[Given records — start]

(* Let $G$ be a finite group, $k$ a field of characteristic $p$, and $M$ an indecomposable $kG$-module. If $M\otimes M\cong M\oplus X$ for some algebraic $kG$-module $X$, then $M$ is algebraic.
   Context: A $kG$-module $M$ is algebraic if only finitely many isomorphism classes of indecomposable modules occur as direct summands of the tensor powers $M^{\otimes n}$, $n\geq 1$. *)

From HB Require Import structures.
From mathcomp Require Import all_boot all_order all_algebra all_fingroup.
From mathcomp Require Import mxrepresentation.
From Stdlib Require List.
Set Implicit Arguments. Unset Strict Implicit. Unset Printing Implicit Defensive.
Import GRing.Theory.
Local Open Scope ring_scope.

Section TensorSum.
Variables (F : fieldType) (gT : finGroupType) (G : {group gT}).

(* The map X |-> A^T X B on d1 x d2 matrices: under the identification
   k^d1 (x) k^d2 = 'M_(d1,d2), v (x) w |-> v^T w, this is (v (x) w) |-> vA (x) wB. *)
Definition tens_map m1 n1 m2 n2 (A : 'M[F]_(m1, n1)) (B : 'M[F]_(m2, n2))
  (X : 'M[F]_(m1, m2)) : 'M[F]_(n1, n2) := A^T *m X *m B.

Lemma tens_map_is_linear m1 n1 m2 n2 (A : 'M[F]_(m1, n1)) (B : 'M[F]_(m2, n2)) :
  linear (tens_map A B).
Proof.
by move=> a X Y; rewrite /tens_map mulmxDr mulmxDl -scalemxAr -scalemxAl.
Qed.

Lemma tens_mapE m1 n1 m2 n2 (A : 'M[F]_(m1, n1)) (B : 'M[F]_(m2, n2)) X :
  tens_map A B X = A^T *m X *m B.
Proof. by []. Qed.

HB.instance Definition _ m1 n1 m2 n2 (A : 'M[F]_(m1, n1)) (B : 'M[F]_(m2, n2)) :=
  GRing.isLinear.Build F _ _ _ (tens_map A B) (tens_map_is_linear A B).

(* Kronecker (tensor) product of matrices, acting on row vectors of
   length m1 * m2 (= mxvec of m1 x m2 matrices). *)
Definition tens_mx m1 n1 m2 n2 (A : 'M[F]_(m1, n1)) (B : 'M[F]_(m2, n2)) :
  'M[F]_(m1 * m2, n1 * n2) := lin_mx (tens_map A B).

Lemma tens_mx_mul m1 n1 p1 m2 n2 p2 (A : 'M[F]_(m1, n1)) (B : 'M[F]_(m2, n2))
  (C : 'M[F]_(n1, p1)) (D : 'M[F]_(n2, p2)) :
  tens_mx (A *m C) (B *m D) = tens_mx A B *m tens_mx C D.
Proof.
apply/row_matrixP=> i; rewrite !rowE -(vec_mxK (delta_mx 0 i)) mulmxA.
rewrite /tens_mx !mul_vec_lin; congr mxvec; set X := vec_mx _.
transitivity ((A *m C)^T *m X *m (B *m D)); first by [].
transitivity (C^T *m (A^T *m X *m B) *m D); last by [].
by rewrite trmx_mul !mulmxA.
Qed.

Lemma tens_mx1 m1 m2 : tens_mx (1%:M : 'M[F]_m1) (1%:M : 'M[F]_m2) = 1%:M.
Proof.
apply/row_matrixP=> i; rewrite !rowE -(vec_mxK (delta_mx 0 i)) /tens_mx.
rewrite mul_vec_lin mulmx1; congr mxvec; set X := vec_mx _.
transitivity ((1%:M : 'M[F]_m1)^T *m X *m 1%:M); first by [].
by rewrite trmx1 mul1mx mulmx1.
Qed.

Definition tprod_mx d1 d2 (r1 : mx_representation F G d1)
  (r2 : mx_representation F G d2) (x : gT) : 'M[F]_(d1 * d2) :=
  tens_mx (r1 x) (r2 x).

Lemma tprod_mx_repr d1 d2 (r1 : mx_representation F G d1)
  (r2 : mx_representation F G d2) : mx_repr G (tprod_mx r1 r2).
Proof.
split; first by rewrite /tprod_mx !repr_mx1 tens_mx1.
by move=> x y Gx Gy; rewrite /tprod_mx !repr_mxM // tens_mx_mul.
Qed.

Definition tprod_repr d1 d2 (r1 : mx_representation F G d1)
  (r2 : mx_representation F G d2) : mx_representation F G (d1 * d2) :=
  MxRepresentation (tprod_mx_repr r1 r2).

Definition dsum_mx d1 d2 (r1 : mx_representation F G d1)
  (r2 : mx_representation F G d2) (x : gT) : 'M[F]_(d1 + d2) :=
  block_mx (r1 x) 0 0 (r2 x).

Lemma dsum_mx_repr d1 d2 (r1 : mx_representation F G d1)
  (r2 : mx_representation F G d2) : mx_repr G (dsum_mx r1 r2).
Proof.
split; first by rewrite /dsum_mx !repr_mx1 -scalar_mx_block.
move=> x y Gx Gy; rewrite /dsum_mx !repr_mxM // mulmx_block.
by rewrite !mulmx0 !mul0mx !addr0 !add0r.
Qed.

Definition dsum_repr d1 d2 (r1 : mx_representation F G d1)
  (r2 : mx_representation F G d2) : mx_representation F G (d1 + d2) :=
  MxRepresentation (dsum_mx_repr r1 r2).

Fixpoint tpow_dim (d n : nat) : nat :=
  match n with 0 => d | n'.+1 => (d * tpow_dim d n')%N end.

(* tpow_repr r n is the (n+1)-st tensor power M^{(x)(n+1)}. *)
Fixpoint tpow_repr d (r : mx_representation F G d) (n : nat) :
  mx_representation F G (tpow_dim d n) :=
  match n with
  | 0 => r
  | n'.+1 => tprod_repr r (tpow_repr r n')
  end.

Definition mx_indecomposable d (r : mx_representation F G d) : Prop :=
  (0 < d)%N /\
  forall U V : 'M[F]_d, mxmodule r U -> mxmodule r V ->
    mxdirect (U + V) -> (U + V :=: 1%:M)%MS -> U = 0 \/ V = 0.

Definition is_dsummand d (W : mx_representation F G d) e
  (N : mx_representation F G e) : Prop :=
  exists (f : nat) (Y : mx_representation F G f), mx_rsim N (dsum_repr W Y).

Definition mx_algebraic d (r : mx_representation F G d) : Prop :=
  exists S : seq {e : nat & mx_representation F G e},
    forall (n : nat) (e : nat) (W : mx_representation F G e),
      mx_indecomposable W -> is_dsummand W (tpow_repr r n) ->
      exists2 s, List.In s S & mx_rsim W (projT2 s).
End TensorSum.

From HB Require Import structures.
From mathcomp Require Import all_boot all_order all_algebra all_fingroup.
From mathcomp Require Import mxrepresentation.
From Stdlib Require Import Classical.
From Stdlib Require List.
Set Implicit Arguments. Unset Strict Implicit. Unset Printing Implicit Defensive.
Import GRing.Theory.
Local Open Scope ring_scope.

(* Call a finite list L of modules a cover of N if every
   indecomposable direct summand of N is isomorphic to a member of L; M is
   algebraic iff one list covers all tensor powers of M.  The only structure
   theory needed is a Krull-Schmidt type exchange property, derived from
   Fitting's lemma (an endomorphism of an indecomposable module is invertible
   or nilpotent, so its endomorphism ring is local): an indecomposable
   summand of A (+) B is a summand of A or of B.  Hence covers are stable
   under direct sums, and by induction along a decomposition into
   indecomposables every module has a finite cover.
   Let L consist of M, a cover of all powers of X, and covers of s (x) M for
   the finitely many indecomposable summands s of powers of X.  From
   M^(k+2) ~ M^(k+1) (+) X (x) M^k, an induction shows that every tensor
   power of M, and every product Z (x) M^k with Z a summand of a power of X,
   is covered by L. *)

Section Intertwiners.
Variables (F : fieldType) (gT : finGroupType) (G : {group gT}).
Local Notation rep := (mx_representation F G).

Definition intertw n1 n2 (r1 : rep n1) (r2 : rep n2) (f : 'M[F]_(n1, n2)) :=
  forall x, x \in G -> r1 x *m f = f *m r2 x.

Definition retract n1 n2 (r1 : rep n1) (r2 : rep n2) :=
  exists f g, [/\ intertw r1 r2 f, intertw r2 r1 g & f *m g = 1%:M].

(* Isomorphism given by a pair of mutually inverse homomorphisms; unlike
   mx_rsim it does not mention the equality of the dimensions. *)
Definition isomorphic n1 n2 (r1 : rep n1) (r2 : rep n2) :=
  exists f g, [/\ intertw r1 r2 f, intertw r2 r1 g, f *m g = 1%:M & g *m f = 1%:M].

Lemma intertw_mul n1 n2 n3 (r1 : rep n1) (r2 : rep n2) (r3 : rep n3) f g :
  intertw r1 r2 f -> intertw r2 r3 g -> intertw r1 r3 (f *m g).
Proof. by move=> hf hg x Gx; rewrite mulmxA hf // -!mulmxA hg. Qed.

Lemma intertw_add n1 n2 (r1 : rep n1) (r2 : rep n2) f g :
  intertw r1 r2 f -> intertw r1 r2 g -> intertw r1 r2 (f + g).
Proof. by move=> hf hg x Gx; rewrite mulmxDr mulmxDl hf // hg. Qed.

Lemma intertw_opp n1 n2 (r1 : rep n1) (r2 : rep n2) f :
  intertw r1 r2 f -> intertw r1 r2 (- f).
Proof. by move=> hf x Gx; rewrite mulmxN mulNmx hf. Qed.

Lemma intertw1 n (r : rep n) : intertw r r 1%:M.
Proof. by move=> x Gx; rewrite mulmx1 mul1mx. Qed.

Lemma intertw_exp n (r : rep n) (u : 'M[F]_n) k :
  intertw r r u -> intertw r r (u ^+ k).
Proof.
move=> hu; elim: k => [|k IHk]; first exact: intertw1.
by rewrite exprS -mulmxE; exact: intertw_mul hu IHk.
Qed.

Lemma intertw_inv n1 n2 (r1 : rep n1) (r2 : rep n2) f g :
  intertw r1 r2 f -> f *m g = 1%:M -> g *m f = 1%:M -> intertw r2 r1 g.
Proof.
move=> hf fg gf x Gx.
by rewrite -[r2 x *m g]mul1mx -gf -!mulmxA (mulmxA f) -hf // -mulmxA fg mulmx1.
Qed.

Lemma intertw_invmx n (r : rep n) u :
  intertw r r u -> u \in unitmx -> intertw r r (invmx u).
Proof. by move=> hu Uu; apply: intertw_inv hu (mulmxV Uu) (mulVmx Uu). Qed.

Lemma retract_refl n (r : rep n) : retract r r.
Proof. by exists 1%:M, 1%:M; split; rewrite ?mulmx1 //; apply: intertw1. Qed.

Lemma retract_trans n1 n2 n3 (r1 : rep n1) (r2 : rep n2) (r3 : rep n3) :
  retract r1 r2 -> retract r2 r3 -> retract r1 r3.
Proof.
move=> [f [g [hf hg fg]]] [f' [g' [hf' hg' fg']]].
exists (f *m f'), (g' *m g).
split; [exact: intertw_mul hf hf' | exact: intertw_mul hg' hg |].
by rewrite mulmxA -(mulmxA f) fg' mulmx1.
Qed.

Lemma iso_retract n1 n2 (r1 : rep n1) (r2 : rep n2) :
  isomorphic r1 r2 -> retract r1 r2.
Proof. by move=> [f [g [hf hg fg _]]]; exists f, g. Qed.

Lemma iso_refl n (r : rep n) : isomorphic r r.
Proof. by exists 1%:M, 1%:M; split; rewrite ?mulmx1 //; apply: intertw1. Qed.

Lemma iso_sym n1 n2 (r1 : rep n1) (r2 : rep n2) :
  isomorphic r1 r2 -> isomorphic r2 r1.
Proof. by move=> [f [g [hf hg fg gf]]]; exists g, f. Qed.

Lemma iso_trans n1 n2 n3 (r1 : rep n1) (r2 : rep n2) (r3 : rep n3) :
  isomorphic r1 r2 -> isomorphic r2 r3 -> isomorphic r1 r3.
Proof.
move=> [f [g [hf hg fg gf]]] [f' [g' [hf' hg' fg' gf']]].
exists (f *m f'), (g' *m g).
split; [exact: intertw_mul hf hf' | exact: intertw_mul hg' hg | |].
  by rewrite mulmxA -(mulmxA f) fg' mulmx1.
by rewrite mulmxA -(mulmxA g') gf mulmx1.
Qed.

Lemma right_inverse_rank m n (A : 'M[F]_(m, n)) B :
  A *m B = 1%:M -> (m <= n)%N /\ row_free A.
Proof.
move=> AB; have le_m_rA : (m <= \rank A)%N.
  by rewrite -{1}(mxrank1 F m) -AB mxrankM_maxl.
split; first exact: leq_trans le_m_rA (rank_leq_col _).
by rewrite /row_free eqn_leq rank_leq_row le_m_rA.
Qed.

Lemma retract_dim n1 n2 (r1 : rep n1) (r2 : rep n2) :
  retract r1 r2 -> (n1 <= n2)%N.
Proof. by move=> [f [g [_ _ /right_inverse_rank[]]]]. Qed.

Lemma iso_rsim n1 n2 (r1 : rep n1) (r2 : rep n2) :
  isomorphic r1 r2 -> mx_rsim r1 r2.
Proof.
move=> [f [g [hf hg fg gf]]].
have [le12 free_f] := right_inverse_rank fg; have [le21 _] := right_inverse_rank gf.
by exists f => //; apply/eqP; rewrite eqn_leq le12.
Qed.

[Given records — finish]

## The problem
Using the listing above, show each line holding the string "product".

## Final answer
(* Kronecker (tensor) product of matrices, acting on row vectors of
   power of M, and every product Z (x) M^k with Z a summand of a power of X,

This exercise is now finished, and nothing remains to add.